In Daniell v. Shaw the Court found that such an act if valid to be an incumbrance, and that the complainant, the vendor, did not have a marketable title. And then said:

*286“The plaintiff asks us to declare his title good, by declaring the statute unconstitutional. The defendant ought not to be compelled to accept such a title.”

But where as here the Court has a decided conviction upon á point raised in the case, the conviction may without any impropriety be stated.

It is well settled on reasonable grounds that a statute such as the above is invalid if applicable.

“A statute denying compensation for any building erected on land after filing a map of a proposed street across it, although proceedings to open the street or condemn the land have not been begun, and perhaps never will be, is unconstitutional as depriving the owner of property without just compensation.” 36 L. R. A. (N. S.) 278, note; Forster v. Scott, 136 N. Y. 577, 32 N. E. 976, 18 L. R. A. 543; Moale v. Baltimore, 5 Md. 314, 61 Am. Dec. 276; People v. Priest, 206 N. Y. 274, 99 N. E. 547—approving and following Forster v. Scott.

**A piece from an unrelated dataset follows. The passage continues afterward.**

(* Let $M$ be a $\Lambda_{\mathrm{NF}}$-inhabitant of the formula $\phi$. If $M$ is not locally compact, then there exist two addresses $b<b'$ in $\mathrm{dom}(M)$ such that $M|_b$ and $M|_{b'}$ are of the same kind and $\mathrm{Free}(M|_b)=\mathrm{Free}(M|_{b'})$. Moreover, $M$ is then not a $\Lambda_{\mathrm{NF}}$-inhabitant of $\phi$ of minimal size (size meaning $|\mathrm{dom}(M)|$).
   Context: Formulas are built from atoms with $\to$; $\mathrm{Sub}(\phi)$ is the set of subformulas of $\phi$. Let $\mathcal X$ be a countably infinite set of variables with an injective map $\mathcal O:\mathcal X\to\mathbb N$; $x<y$ iff $\mathcal O(x)<\mathcal O(y)$. Terms are pure $\lambda$-terms over $\mathcal X$, not identified up to $\alpha$-conversion; no two $\lambda$'s bind the same variable and no variable is both free and bound. $\mathrm{Free}(M)$ is the strictly increasing sequence of free variables of $M$. HRM terms: variables; $\lambda x.M$ with $M$ HRM and $x$ the greatest free variable of $M$; $(MN)$ with $M,N$ HRM and every free variable of $M$ $\le$ some free variable of $N$. Fix $\Omega$ from variables to formulas with each $\Omega^{-1}(\phi)$ infinite. Typing: $x:\Omega(x)$; $\lambda x.M:\chi\to\psi$ if $x:\chi$, $M:\psi$, $\lambda x.M$ HRM; $(MN):\psi$ if $M:\chi\to\psi$, $N:\chi$, $(MN)$ HRM. $\Lambda_{\mathrm{NF}}$ is the set of typed $\beta$-normal terms; a $\Lambda_{\mathrm{NF}}$-inhabitant of $\phi$ is a closed term of $\Lambda_{\mathrm{NF}}$ of type $\phi$. Two terms of $\Lambda_{\mathrm{NF}}$ are of the same kind if both are variables, or both applications, or both abstractions, and they have the same type. Addresses are finite sequences of positive integers with prefix order $\le$ ($<$ strict), concatenation $\cdot$, empty address $\varepsilon$. Terms are identified with trees: $x$ is $\varepsilon\mapsto x$; $\lambda x.M$ maps $\varepsilon$ to $\lambda x$ with subtree $M$ at $(1)$; $(M_1M_2)$ maps $\varepsilon$ to $@$ with subtrees at $(1),(2)$; $M|_a$ is the subterm at $a$. For a partial tree $\pi$, $\pi|_a$ is $c\mapsto\pi(a\cdot c)$. Let $\mathfrak S$ consist of all formulas (arity 0) and symbols $@_\phi$ (arity 2). A blueprint is a finite partial tree with values in $\mathfrak S$ such that if $\alpha(a)=@_\phi$ then $\alpha|_{a\cdot(1)},\alpha|_{a\cdot(2)}$ have non-empty domains. The relative depth of an address $a$ in a blueprint $\alpha$ is the number of $b\in\mathrm{dom}(\alpha)$ with $b<a$; the relative depth of $\alpha$ is $0$ if $\alpha$ is empty and otherwise the maximal relative depth of an address of $\mathrm{dom}(\alpha)$. The stable part of $M\in\Lambda_{\mathrm{NF}}$ is the set of $a\in\mathrm{dom}(M)$ with $\mathrm{Free}(M|_a)\subseteq\mathrm{Free}(M)$ and $M|_a$ a variable or an application; the blueprint of $M$ maps each $a$ in the stable part to $\psi$ if $M|_a$ is a variable of type $\psi$ and to $@_\psi$ if $M|_a$ is an application of type $\psi$. For $a\in\mathrm{dom}(M)$, $\Lambda(M,a)$ is the sequence $(x_1,\dots,x_k)$ of variables such that $(\lambda x_1,\dots,\lambda x_k)$ are, in order, the labels of the form $\lambda x$ of $M$ at the prefixes of $a$ (including $a$). A $\Lambda_{\mathrm{NF}}$-inhabitant $M$ of $\phi$ is locally compact if for every $a\in\mathrm{dom}(M)$ the blueprint of $M|_a$ has relative depth at most $|\Lambda(M,a)|\times|\mathrm{Sub}(\phi)|$. *)

From HB Require Import structures.
From mathcomp Require Import all_boot.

In Forster v. Scott, 136 N. Y. 577, 32 N. E. 976, there was a statute denying compensation for any building erected on land after filing a map of a proposed street across it, and it was held that it deprives the owner of his property, without just compensation and was, therefore, unconstitutional, though proceedings to open the street or condemn the land may not have been begun and may never be. If valid, the act impairs the value of the property and is an incumbrance, for it restricts the use of the property in that it could not be used for building purposes, except at the risk of the owner of losing the cost of the building at some time in the future:

• “Whenever a law deprives the owner of the beneficial use and free enjoyment of his property, or imposes restraint upon such use and enjoyment that materially affects its value, without legal process or compensation, it deprives him of his property within the meaning of the Constitution.”

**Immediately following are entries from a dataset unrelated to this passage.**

(* Let $\kappa$ be a regular infinite cardinal, let $\eta > \kappa^{++}$ be an ordinal, and let $f = \langle \kappa_\xi : \xi < \eta\rangle$ be the cardinal sequence of some LCS space. Let $\alpha < \eta$ be an ordinal with $\mathrm{cf}(\alpha) > \kappa^+$ such that there is a strictly increasing sequence of ordinals $\langle \alpha_\xi : \xi < \mathrm{cf}(\alpha)\rangle$ converging to $\alpha$ with $\kappa_{\alpha_\xi} \le \kappa$ for every $\xi < \mathrm{cf}(\alpha)$. Then $\kappa_\alpha \le \kappa$.
   Context: An LCS space is a locally compact, Hausdorff, scattered topological space. For an LCS space $X$ and an ordinal $\alpha$, the $\alpha$-th Cantor–Bendixson level $I_\alpha(X)$ is the set of isolated points of $X \setminus \bigcup\{I_\beta(X) : \beta < \alpha\}$. The reduced height $\mathrm{ht}^-(X)$ is the least ordinal $\delta$ such that $I_\delta(X)$ is finite. The cardinal sequence of $X$ is $\mathrm{CS}(X) = \langle |I_\alpha(X)| : \alpha < \mathrm{ht}^-(X)\rangle$. A sequence $f$ of cardinals is ''the cardinal sequence of some LCS space'' if $f = \mathrm{CS}(X)$ for some LCS space $X$. *)

From Stdlib Require Import List Classical.

Definition card_le (A B : Type) : Prop :=
  exists f : A -> B, forall x y, f x = f y -> x = y.
Definition card_lt (A B : Type) : Prop := card_le A B /\ ~ card_le B A.

Definition succ_card (A B : Type) : Prop :=
  card_lt A B /\ forall C : Type, card_lt C B -> card_le C A.

Definition finite_set {X : Type} (A : X -> Prop) : Prop :=
  exists l : list X, forall x, A x -> In x l.

Definition well_order {T : Type} (lt : T -> T -> Prop) : Prop :=
  (forall x, ~ lt x x) /\
  (forall x y z, lt x y -> lt y z -> lt x z) /\
  (forall x y, lt x y \/ x = y \/ lt y x) /\
  well_founded lt.

(* K (with its well-order ltK) is an infinite regular cardinal, presented as
   an initial ordinal: every proper initial segment has smaller cardinality,
   K is infinite, and every unbounded subset of K has cardinality |K|
   (i.e. cf(kappa) = kappa). *)
Definition infinite_regular_cardinal (K : Type) (ltK : K -> K -> Prop) : Prop :=
  well_order ltK /\
  (forall k : K, card_lt {j : K | ltK j k} K) /\
  ~ finite_set (fun _ : K => True) /\
  (forall S : K -> Prop,
      (forall k, exists j, S j /\ ~ ltK j k) -> card_le K {j : K | S j}).

Definition cofinal_in {W : Type} (ltW : W -> W -> Prop) (alpha : W)
  (S : W -> Prop) : Prop :=
  (forall v, S v -> ltW v alpha) /\
  (forall u, ltW u alpha -> exists v, S v /\ ~ ltW v u).

Definition cf_gt {W : Type} (ltW : W -> W -> Prop) (alpha : W) (Kp : Type) : Prop :=
  forall S : W -> Prop, cofinal_in ltW alpha S -> ~ card_le {v : W | S v} Kp.

Record topology (X : Type) := {
  open : (X -> Prop) -> Prop;
  open_full : open (fun _ => True);
  open_union : forall F : (X -> Prop) -> Prop,
      (forall U, F U -> open U) -> open (fun x => exists U, F U /\ U x);
  open_inter : forall U V, open U -> open V -> open (fun x => U x /\ V x)
}.
Arguments open {X} t U.

Definition compact {X : Type} (t : topology X) (C : X -> Prop) : Prop :=
  forall F : (X -> Prop) -> Prop,
    (forall U, F U -> open t U) ->
    (forall x, C x -> exists U, F U /\ U x) ->
    exists l : list (X -> Prop),
      (forall U, In U l -> F U) /\ (forall x, C x -> exists U, In U l /\ U x).

Definition hausdorff {X : Type} (t : topology X) : Prop :=
  forall x y, x <> y -> exists U V, open t U /\ open t V /\ U x /\ V y /\
    (forall z, U z -> V z -> False).

Definition locally_compact {X : Type} (t : topology X) : Prop :=
  forall x, exists U C, open t U /\ U x /\ (forall y, U y -> C y) /\ compact t C.

Definition isolated_in {X : Type} (t : topology X) (A : X -> Prop) (x : X) : Prop :=
  A x /\ exists U, open t U /\ U x /\ (forall y, U y -> A y -> y = x).

Definition scattered {X : Type} (t : topology X) : Prop :=
  forall A : X -> Prop, (exists x, A x) -> exists x, isolated_in t A x.

Definition LCS {X : Type} (t : topology X) : Prop :=
  locally_compact t /\ hausdorff t /\ scattered t.

(* I is the family of Cantor-Bendixson levels of (X,t) indexed by the
   ordinals of the well-ordered type W:
   I w = isolated points of X \ U_{v<w} I v. *)
Definition CB_levels {X W : Type} (t : topology X) (ltW : W -> W -> Prop)
  (I : W -> X -> Prop) : Prop :=
  forall w x, I w x <-> isolated_in t (fun y => ~ exists v, ltW v w /\ I v y) x.

(* The cardinal sequence of (X,t) is <|I w| : w in W>, i.e. W has order type
   ht^-(X): all levels indexed by W are infinite and the next level
   (isolated points of X \ U_{w in W} I w) is finite. *)
Definition is_cardinal_sequence {X W : Type} (t : topology X)
  (ltW : W -> W -> Prop) (I : W -> X -> Prop) : Prop :=
  CB_levels t ltW I /\
  (forall w, ~ finite_set (I w)) /\
  finite_set (isolated_in t (fun y => ~ exists w, I w y)).

From Stdlib Require Import List Classical ClassicalEpsilon FunctionalExtensionality PropExtensionality.

(* Suppose |I_alpha| > kappa and let rho be the least ordinal with |rho| > kappa; as
   eta > kappa^++, every ordinal below rho has size <= kappa and |rho| <= kappa^+.
   Give each point of level alpha an open neighbourhood with compact closure that meets
   the levels >= alpha only in that point; by compactness, the neighbourhoods of two
   distinct such points meet only in levels <= some beta < alpha.  Fix rho distinct
   points of I_alpha.  Since cf(alpha) > kappa^+, the levels beta attached to the pairs
   among them are bounded by some delta < alpha.  Pick alpha_xi > delta: each of the rho
   neighbourhoods contains a point of level alpha_xi, and these points are pairwise
   distinct, so |rho| <= kappa_{alpha_xi} <= kappa, a contradiction. *)

Lemma proj1_sig_inj {A : Type} {P : A -> Prop} (p q : {x | P x}) :
  proj1_sig p = proj1_sig q -> p = q.
Proof.
  destruct p as [x Px], q as [y Py]; simpl; intros ->.
  f_equal. apply proof_irrelevance.
Qed.

Lemma list_restrict {A : Type} (P : A -> Prop) (l : list A) :
  exists l', (forall x, In x l' -> P x) /\ (forall x, In x l -> P x -> In x l').
Proof.
  exists (filter (fun x => if excluded_middle_informative (P x) then true else false) l).
  split; intros x; rewrite filter_In;
    destruct (excluded_middle_informative (P x)); intuition discriminate.
Qed.

Lemma card_le_trans (A B C : Type) : card_le A B -> card_le B C -> card_le A C.
Proof. intros [f Hf] [g Hg]. exists (fun x => g (f x)). auto. Qed.

Lemma card_le_image {A B : Type} (f : A -> B) : card_le {b | exists a, b = f a} A.
Proof.
  destruct (choice (fun (p : {b | exists a, b = f a}) a => proj1_sig p = f a)) as [g Hg].
  { intros [b Hb]. exact Hb. }
  exists g. intros p q E. apply proj1_sig_inj. rewrite (Hg p), (Hg q), E. reflexivity.
Qed.

Lemma card_le_of_surj {A B : Type} (f : A -> B) :
  (forall b, exists a, b = f a) -> card_le B A.
Proof.
  intros Hf. refine (card_le_trans _ _ _ _ (card_le_image f)).
  exists (fun b => exist _ b (Hf b)). intros b c E. exact (f_equal (@proj1_sig _ _) E).
Qed.

Lemma inhabited_of_not_card_le {A B : Type} : ~ card_le A B -> inhabited A.
Proof.
  intros H. apply NNPP. intros Hempty. apply H.
  exists (fun a => match Hempty (inhabits a) with end).
  intros a. exfalso. exact (Hempty (inhabits a)).
Qed.

Section WellOrder.
Context {W : Type} {ltW : W -> W -> Prop} (wo : well_order ltW).

Lemma wo_irrefl x : ~ ltW x x.
Proof. exact (proj1 wo x). Qed.

Lemma wo_trans x y z : ltW x y -> ltW y z -> ltW x z.
Proof. exact (proj1 (proj2 wo) x y z). Qed.

Lemma wo_trichotomy x y : ltW x y \/ x = y \/ ltW y x.
Proof. exact (proj1 (proj2 (proj2 wo)) x y). Qed.

Lemma wo_wf : well_founded ltW.
Proof. exact (proj2 (proj2 (proj2 wo))). Qed.

Lemma wo_asym x y : ltW x y -> ~ ltW y x.
Proof. intros Hxy Hyx. exact (wo_irrefl x (wo_trans x y x Hxy Hyx)). Qed.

And, further, actual physical taking is not necessary so long as free use and enjoyment is affected.

In Moale v. City of Baltimore, 5 Md. 314, 61 Am. Dec. 276, a statute that no person shall be entitled to damages for any improvement, unless the same shall have been made or erected before the laying out or locating such street, denies the owner of the use of his land without compensation and is unconstitutional and void. See, also, City of St. Louis v. Hill, 116 Mo. 527, 22 S. W. *287861, 21 L. R. A. 226. These authorities are convincing and none have been found to support a contrary view or uphold the validity of an enactment such as this provision of the charter of the city.

For the defendant there were other principles invoked, such as hardship on the buyer resulting from his loss of a sale of the property at a handsome profit, the depreciation in value of the property, and his parting with the moneys with which he expected to pay for the property, and other reasons why it would be inequitable to compel him now to take the property. But no opinion is expressed on these points.

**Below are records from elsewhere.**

Lemma widen_ord_lift_max K (j : 'I_K) : widen_ord (leqnSn K) j = lift ord_max j.
Proof. by apply: ord_inj; rewrite lift_max. Qed.

Lemma ffun_snoc_widen K s i (j : 'I_K) : ffun_snoc s i (widen_ord (leqnSn K) j) = s j.
Proof. by rewrite ffunE widen_ord_lift_max liftK. Qed.

Lemma ffun_snoc_max K (s : {ffun 'I_K -> I}) i : ffun_snoc s i ord_max = i.
Proof. by rewrite ffunE unlift_none. Qed.

Lemma big_ffunS K (F : {ffun 'I_K.+1 -> I} -> R) :
  \sum_(t : {ffun 'I_K.+1 -> I}) F t =
  \sum_(s : {ffun 'I_K -> I}) \sum_i F (ffun_snoc s i).
Proof.
pose split_last (t : {ffun 'I_K.+1 -> I}) :=
  ([ffun j => t (widen_ord (leqnSn K) j)], t ord_max).
have snoc_bij : bijective (fun p : {ffun 'I_K -> I} * I => ffun_snoc p.1 p.2).
  exists split_last => [[s i]|t]; rewrite /split_last /=.
    by rewrite ffun_snoc_max; congr (_, _); apply/ffunP => j; rewrite ffunE ffun_snoc_widen.
  apply/ffunP => k; rewrite ffunE; case: unliftP => [j ->|->] //=.
  by rewrite ffunE widen_ord_lift_max.
by rewrite (reindex _ (onW_bij _ snoc_bij)) pair_big.
Qed.

Lemma prod_ffun_snoc K (s : {ffun 'I_K -> I}) i :
  \prod_(k < K.+1) P (ffun_snoc s i k) = (\prod_(k < K) P (s k)) * P i.
Proof.
rewrite big_ord_recr /= ffun_snoc_max; congr (_ * _).
by apply: eq_bigr => j _; rewrite ffun_snoc_widen.
Qed.

Lemma map_ffun_snoc K (s : {ffun 'I_K -> I}) i :
  [seq ffun_snoc s i k | k <- enum 'I_K.+1] = rcons [seq s k | k <- enum 'I_K] i.
Proof.
rewrite enum_ordSr map_rcons -map_comp ffun_snoc_max; congr rcons.
by apply: eq_map => j /=; rewrite ffun_snoc_widen.
Qed.

Lemma sum_prod_ffun K :
  \sum_(s : {ffun 'I_K -> I}) \prod_(k < K) P (s k) = (\sum_i P i) ^+ K.
Proof. by rewrite -(bigA_distr_bigA (fun (_ : 'I_K) i => P i)) prodr_const card_ord. Qed.

Hypothesis P_ge0 : forall i, 0 <= P i.

Lemma iterate_contraction (X : Type) (step : X -> I -> X) (phi : X -> R) (a : R) :
  0 <= a -> (forall x, \sum_i P i * phi (step x i) <= a * phi x) ->
  forall K x0, \sum_(s : {ffun 'I_K -> I})
      (\prod_(k < K) P (s k)) * phi (foldl step x0 [seq s k | k <- enum 'I_K])
    <= a ^+ K * phi x0.
Proof.
move=> a_ge0 contract; elim=> [|K IH] x0.
  under eq_bigr do rewrite big_ord0 mul1r enum_ord0 /=.
  by rewrite sumr_const card_ffun !card_ord expn0 expr0 mul1r.
rewrite big_ffunS exprSr -mulrA [a * _]mulrC mulrA.
apply: le_trans (ler_wpM2r a_ge0 (IH x0)); rewrite mulr_suml.
apply: ler_sum => s _; rewrite -mulrA.
under eq_bigr do rewrite prod_ffun_snoc map_ffun_snoc foldl_rcons -mulrA.
rewrite -mulr_sumr; apply: ler_wpM2l; first exact: prodr_ge0.
by rewrite mulrC; apply: contract.
Qed.

End IidSampling.

Lemma one_sub_inv_expn_le (R : realType) (t eps : R) (K : nat) :
  1 <= t -> 0 < eps -> t * ln (t / eps) <= K%:R -> (1 - t^-1) ^+ K <= eps / t.
Proof.
move=> t_ge1 eps_gt0 K_ge; have t_gt0 : 0 < t by apply: lt_le_trans t_ge1.
have step_le : 1 - t^-1 <= expR (- t^-1) by have := expR_ge1Dx (- t^-1); lra.
apply: le_trans (lerXn2r _ _ _ step_le) _.
- by rewrite nnegrE subr_ge0 invf_le1.
- by rewrite nnegrE expR_ge0.
rewrite -expRM_natr -[eps / t]lnK ?posrE ?divr_gt0 // ler_expR.
rewrite -invf_div lnV ?posrE ?divr_gt0 // mulNr lerN2.
by rewrite [t^-1 * _]mulrC ler_pdivlMr // mulrC.
Qed.

Section Graph.
Variables (n m : nat) (src dst : 'I_m -> 'I_n).

Section SpanningTree.
Variables (T : {set 'I_m}) (root : 'I_n).

Local Notation adj := (adj src dst).
Local Notation C := (Ccomp src dst T root).
Implicit Type S : {set 'I_m}.

Lemma adjP S u v :
  reflect (exists2 e, e \in S & ((src e == u) && (dst e == v)) || ((src e == v) && (dst e == u)))
          (adj S u v).
Proof. exact: (iffP exists_inP). Qed.

Lemma adj_edge S e : e \in S -> adj S (src e) (dst e).
Proof. by move=> eS; apply/adjP; exists e; rewrite ?eqxx. Qed.

Lemma adj_sym S : symmetric (adj S).
Proof. by move=> u v; apply/adjP/adjP => -[e eS uv]; exists e; rewrite // orbC. Qed.

Lemma connect_adj_sym S : connect_sym (adj S).
Proof. exact/sym_connect_sym/adj_sym. Qed.

Lemma connect_setD1_ends S e v : connect (adj S) (src e) v ->
  connect (adj (S :\ e)) v (src e) || connect (adj (S :\ e)) v (dst e).
Proof.
have closed_ends :
    closed (adj S) [pred w | connect (adj (S :\ e)) w (src e) || connect (adj (S :\ e)) w (dst e)].
  apply: intro_closed; first exact: connect_adj_sym.
  move=> u w /adjP [e' e'S uw] /orP u_reaches; have [e'e | e'_neq_e] := eqVneq e' e.
    move: uw; rewrite e'e => /orP [/andP [_ /eqP <-] | /andP [/eqP <- _]];
    by rewrite !inE connect0 ?orbT.
  have wu : adj (S :\ e) w u by rewrite adj_sym; apply/adjP; exists e'; rewrite // !inE e'_neq_e.
  by case: u_reaches => reach; rewrite !inE (connect_trans (connect1 wu) reach) ?orbT.
move=> conn; move: (closed_connect closed_ends conn).
by rewrite !inE connect0 /= => <-.
Qed.

Lemma root_notin_Ccomp e : root \notin C e.
Proof. by rewrite inE negbK connect0. Qed.

Lemma Ccomp_uncut e e' : e' \in T -> e' != e -> ~~ crosses src dst (C e) e'.
Proof.
move=> e'T e'_neq_e; have e'_kept : e' \in T :\ e by rewrite !inE e'_neq_e.
by rewrite /crosses negbK !inE (same_connect1 (connect_adj_sym _) (adj_edge e'_kept)).
Qed.

Hypothesis tree : spanning_tree src dst T.

Lemma Ccomp_cut e : e \in T -> crosses src dst (C e) e.
Proof.
move=> eT; have [tree_conn bridge] := tree.
have reach := connect_setD1_ends (tree_conn (src e) root).
have c_sym := connect_adj_sym (T :\ e).
have not_both :
    ~~ (connect (adj (T :\ e)) (src e) root && connect (adj (T :\ e)) (dst e) root).
  apply: contraNN (bridge e eT) => /andP [s_root d_root].
  by apply: connect_trans s_root _; rewrite c_sym.
move: reach not_both; rewrite /crosses !inE ![connect _ root _]c_sym.
by case: (connect _ (src e) root); case: (connect _ (dst e) root).
Qed.

Lemma tree_potential_const (A : eqType) (h : 'I_n -> A) :
  (forall e, e \in T -> h (src e) = h (dst e)) -> forall v, h v = h root.
Proof.
move=> h_edge v; have closed_level : closed (adj T) [pred u | h u == h root].
  apply: intro_closed; first exact: connect_adj_sym.
  by move=> u w /adjP [e eT /orP [] /andP [/eqP <- /eqP <-]] /eqP <-; rewrite inE (h_edge e eT).
have := closed_connect closed_level (tree.1 root v).
by rewrite !inE eqxx => /esym /eqP.
Qed.

Lemma spanning_tree_neq0 e : src e != dst e -> T != set0.
Proof.
move=> loopfree; apply: contra_neq loopfree => T0.
have no_adj : closed (adj T) (pred1 (src e)) by move=> u w /adjP [e']; rewrite T0 inE.
have := closed_connect no_adj (tree.1 (src e) (dst e)).
by rewrite !inE eqxx => /esym /eqP ->.
Qed.

End SpanningTree.

Section Potentials.
Variables (R : realType) (r : 'I_m -> R) (b : 'I_n -> R).
Hypothesis r_gt0 : forall e, 0 < r e.

Local Notation B := (Bfun src dst r b).

Definition pdiff (x : 'I_n -> R) e := x (src e) - x (dst e).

There is here shown no sufficient reasons for the exercise of that discretion vested in a court of equity to compel the buyer to take this property no#, and it is more just to hold the parties . to a performance of the contract they have made and not to relieve one of them of the consequences of an inexcusable failure to perform her part of the contract. At that time when it was the duty of the vendor to convey the land she had sold she did not have a good marketable title to all of it in fee simple, and unreasonably failed to perfect her title in time to comply with the terms of her agreement.

The complainant will be denied relief against the defendant, and her bill must be dismissed with costs of all parties on her.

Let a decree be entered accordingly.